Surely this becomes even more problematic when you introduce this to e-scooter and bike service models?
Apollo is a significant insurer in the E-Scooter and E-bike space. Both the private ownership and the shared services models are set for long-term growth in my opinion. Cities globally are striving to be greener and reduce traffic. Expansion of these services have only been accelerated to COVID as cities look to offer alternatives to public, mass transport. Huge investments are being made in infrastructure to support micro-mobility and consumers are also favouring a private open-air form of transportation.
The effects of the pandemic will last with consumers for years and this will positively impact the adoption of micro-mobility. It is an extremely good solution for the 1-5 mile journeys, which in many geographies will make up over 60% of trips made.
Insuring a new form of transportation is not easy. Even more so in this space as it is such a new model so we do not have a traditional comparison to benchmark against. In this space, more than all others, insurance can actually be a blocker to a micro-mobility company launching in a certain territory. Again, the solution to entering this space where there is uncertainty is a long-term partnership with the client and co-collaboration.
The solution today will likely look very different from the solution in the future but if both parties are agile and willing to evolve the insurance offering and pricing over time as the data develops, all parties should be protected.
How do you see the insurance sector evolving towards 2030, where we will start to see even more progressive transport systems such as autonomous vehicles?
I do not see the rapid evolution of the transportation sector slowing any time soon. I think we will continue to see the adoption of subscription Car services as opposed to traditional vehicle ownership and we will see significant growth in micro-mobility. Clearly, the major disruptor to the sector will be autonomous vehicles and opinions on the timelines for that modality and the way it will be introduced differ.

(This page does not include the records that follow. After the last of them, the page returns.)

Section BilinearForm.
Variables (F : fieldType) (N : nat).
Implicit Types (u v : 'rV[F]_N) (M : 'M[F]_N).

Definition bform u M v : F := (u *m M *m v^T) 0 0.

Lemma bformE u M v : bform u M v = \sum_i \sum_j u 0 i * M i j * v 0 j.
Proof.
rewrite /bform mxE exchange_big /=; apply: eq_bigr => i _.
by rewrite mxE big_distrl /=; apply: eq_bigr => j _; rewrite !mxE.
Qed.

Lemma bform_tr u M v : bform u M v = bform v M^T u.
Proof.
rewrite !bformE exchange_big /=; apply: eq_bigr => i _; apply: eq_bigr => j _.
by rewrite mxE; ring.
Qed.

Lemma bform_delta u M j : bform u M (delta_mx 0 j) = (u *m M) 0 j.
Proof.
rewrite /bform mxE (bigD1 j) //= big1 => [|k /negbTE nkj]; rewrite !mxE ?eqxx.
  by rewrite mulr1 addr0.
by rewrite nkj mulr0.
Qed.

Lemma bform0l M v : bform 0 M v = 0.
Proof. by rewrite /bform !mul0mx mxE. Qed.
Lemma bform0r u M : bform u M 0 = 0.
Proof. by rewrite /bform trmx0 mulmx0 mxE. Qed.
Lemma bform0 u v : bform u 0 v = 0.
Proof. by rewrite /bform mulmx0 mul0mx mxE. Qed.

Lemma mulmx_trE (U W : 'M[F]_N) M k l :
  (U *m M *m W^T) k l = bform (row k U) M (row l W).
Proof.
rewrite /bform !mxE; apply: eq_bigr => j _; rewrite !mxE; congr (_ * _).
by apply: eq_bigr => i _; rewrite !mxE.
Qed.

End BilinearForm.

Lemma bform_conj (C : numClosedFieldType) N (u v : 'rV[C]_N) (M : 'M[C]_N) :
  (bform u M v)^* = bform u^c M^c v^c.
Proof.
rewrite !bformE rmorph_sum; apply: eq_bigr => i _; rewrite rmorph_sum.
by apply: eq_bigr => j _; rewrite !rmorphM !mxE.
Qed.

Section ModeOperators.
Variables (C : numClosedFieldType) (A : algType C) (N : nat).
Implicit Types (f g : 'I_N -> A) (u v w : 'rV[C]_N) (M : 'M[C]_N).

Definition lcomb f u : A := \sum_i u 0 i *: f i.

Lemma lcomb0 f : lcomb f 0 = 0.
Proof. by rewrite /lcomb big1 // => i _; rewrite mxE scale0r. Qed.
Lemma lcombD f u v : lcomb f (u + v) = lcomb f u + lcomb f v.
Proof. by rewrite /lcomb -big_split; apply: eq_bigr => i _; rewrite mxE scalerDl. Qed.
Lemma lcombZ f c u : lcomb f (c *: u) = c *: lcomb f u.
Proof. by rewrite /lcomb scaler_sumr; apply: eq_bigr => i _; rewrite mxE scalerA. Qed.
Lemma lcombB f u v : lcomb f (u - v) = lcomb f u - lcomb f v.
Proof. by rewrite lcombD -scaleN1r lcombZ scaleN1r. Qed.

Lemma lcomb_delta f i : lcomb f (delta_mx 0 i) = f i.
Proof.
rewrite /lcomb (bigD1 i) //= big1 ?addr0 => [|j /negbTE ji]; rewrite mxE ?eqxx ?scale1r //.
by rewrite ji scale0r.
Qed.

Lemma lcomb_mulmx f u M :
  \sum_r u 0 r *: \sum_i M r i *: f i = lcomb f (u *m M).
Proof.
rewrite /lcomb; under eq_bigr do rewrite scaler_sumr.
rewrite exchange_big /=; apply: eq_bigr => i _.
by rewrite mxE scaler_suml; apply: eq_bigr => r _; rewrite scalerA.
Qed.

Lemma comm_lcomb f g M u v :
    (forall i j, comm (f i) (g j) = (M i j)%:A) ->
  comm (lcomb f u) (lcomb g v) = (bform u M v)%:A.
Proof.
move=> fg; rewrite bformE comm_suml scaler_suml; apply: eq_bigr => i _.
rewrite commZl comm_sumr scaler_suml scaler_sumr; apply: eq_bigr => j _.
by rewrite commZr fg !scalerA; congr (_ *: _); ring.
Qed.

Variables (p d : 'I_N -> A) (E : 'M[C]_N).
Hypotheses (pp : forall i j, comm (p i) (p j) = 0)
           (dd : forall i j, comm (d i) (d j) = 0)
           (pd : forall i j, comm (p i) (d j) = (E i j)%:A)
           (Esym : E^T = E) (EE : E *m E = 1%:M).

Definition linop u w : A := lcomb p u + lcomb d w.
Definition quad M : A := \sum_i \sum_j M i j *: (d i * p j).

Lemma linop0l w : linop 0 w = lcomb d w. Proof. by rewrite /linop lcomb0 add0r. Qed.
Lemma linop0r u : linop u 0 = lcomb p u. Proof. by rewrite /linop lcomb0 addr0. Qed.
Lemma linopB u w u' w' : linop (u - u') (w - w') = linop u w - linop u' w'.
Proof. by rewrite /linop !lcombB opprD addrACA. Qed.
Lemma linopZ c u w : linop (c *: u) (c *: w) = c *: linop u w.
Proof. by rewrite /linop !lcombZ scalerDr. Qed.

Lemma comm_linop u w u' w' :
  comm (linop u w) (linop u' w') = (bform u E w' - bform w E u')%:A.
Proof.
have comm0 f (ff : forall i j, comm (f i) (f j) = 0) x y :
    comm (lcomb f x) (lcomb f y) = 0.
  by rewrite (@comm_lcomb _ _ 0) ?bform0 ?scale0r // => i j; rewrite ff mxE scale0r.
rewrite /linop commDl !commDr !comm0 // (comm_lcomb _ _ pd) commC (comm_lcomb _ _ pd).
by rewrite add0r addr0 scalerBl (bform_tr u') Esym.
Qed.

Lemma linop_inj u w u' w' : linop u w = linop u' w' -> u = u' /\ w = w'.
Proof.
move/eqP; rewrite -subr_eq0 -linopB; set x := u - u'; set y := w - w'.
move=> /eqP xy0; suff [/eqP + /eqP] : x = 0 /\ y = 0 by rewrite !subr_eq0 => /eqP -> /eqP ->.
have E_inj z : z *m E = 0 -> z = 0.
  by move=> zE0; rewrite -[z]mulmx1 -EE mulmxA zE0 mul0mx.
have comm0 u1 w1 : comm (linop x y) (linop u1 w1) = 0 by rewrite xy0 /comm mul0r mulr0 subrr.
split; apply: E_inj; apply/rowP => j; rewrite [RHS]mxE.
  apply/(fmorph_inj (in_alg A)); rewrite /= scale0r.
  by have := comm0 0 (delta_mx 0 j); rewrite comm_linop bform_delta bform0r subr0.
apply/(fmorph_inj (in_alg A)); rewrite /= scale0r.
have := comm0 (delta_mx 0 j) 0; rewrite comm_linop bform0r sub0r.
by rewrite bform_delta => /eqP; rewrite scaleNr oppr_eq0 => /eqP.
Qed.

Theoretically, the largest challenge for AV surrounds the interaction between AVs and human drivers. So will we see AV only lanes? Will they start with long-haul trips before expanding to inner urban areas? You then need to think about the impact on ownership. Will this eliminate private ownership and thus personal lines Motor insurance as a result? Will AVs be controlled by the Automotive companies that are already making statements that they do not plan to sell cars in 5 years?
The challenges for insurance with respect to AVs will be great. Regulation will need to be put in place surrounding AV insurance. Currently, opinions within the insurance industry differ on whether AVs should be covered under a Motor Program or a public or products liability program – or even a cyber liability programme. As an insurance industry, we can be guilty of forcing square pegs in round holes. As such, I think we need to start thinking of a new insurance line – Autonomous Vehicle Liability cover.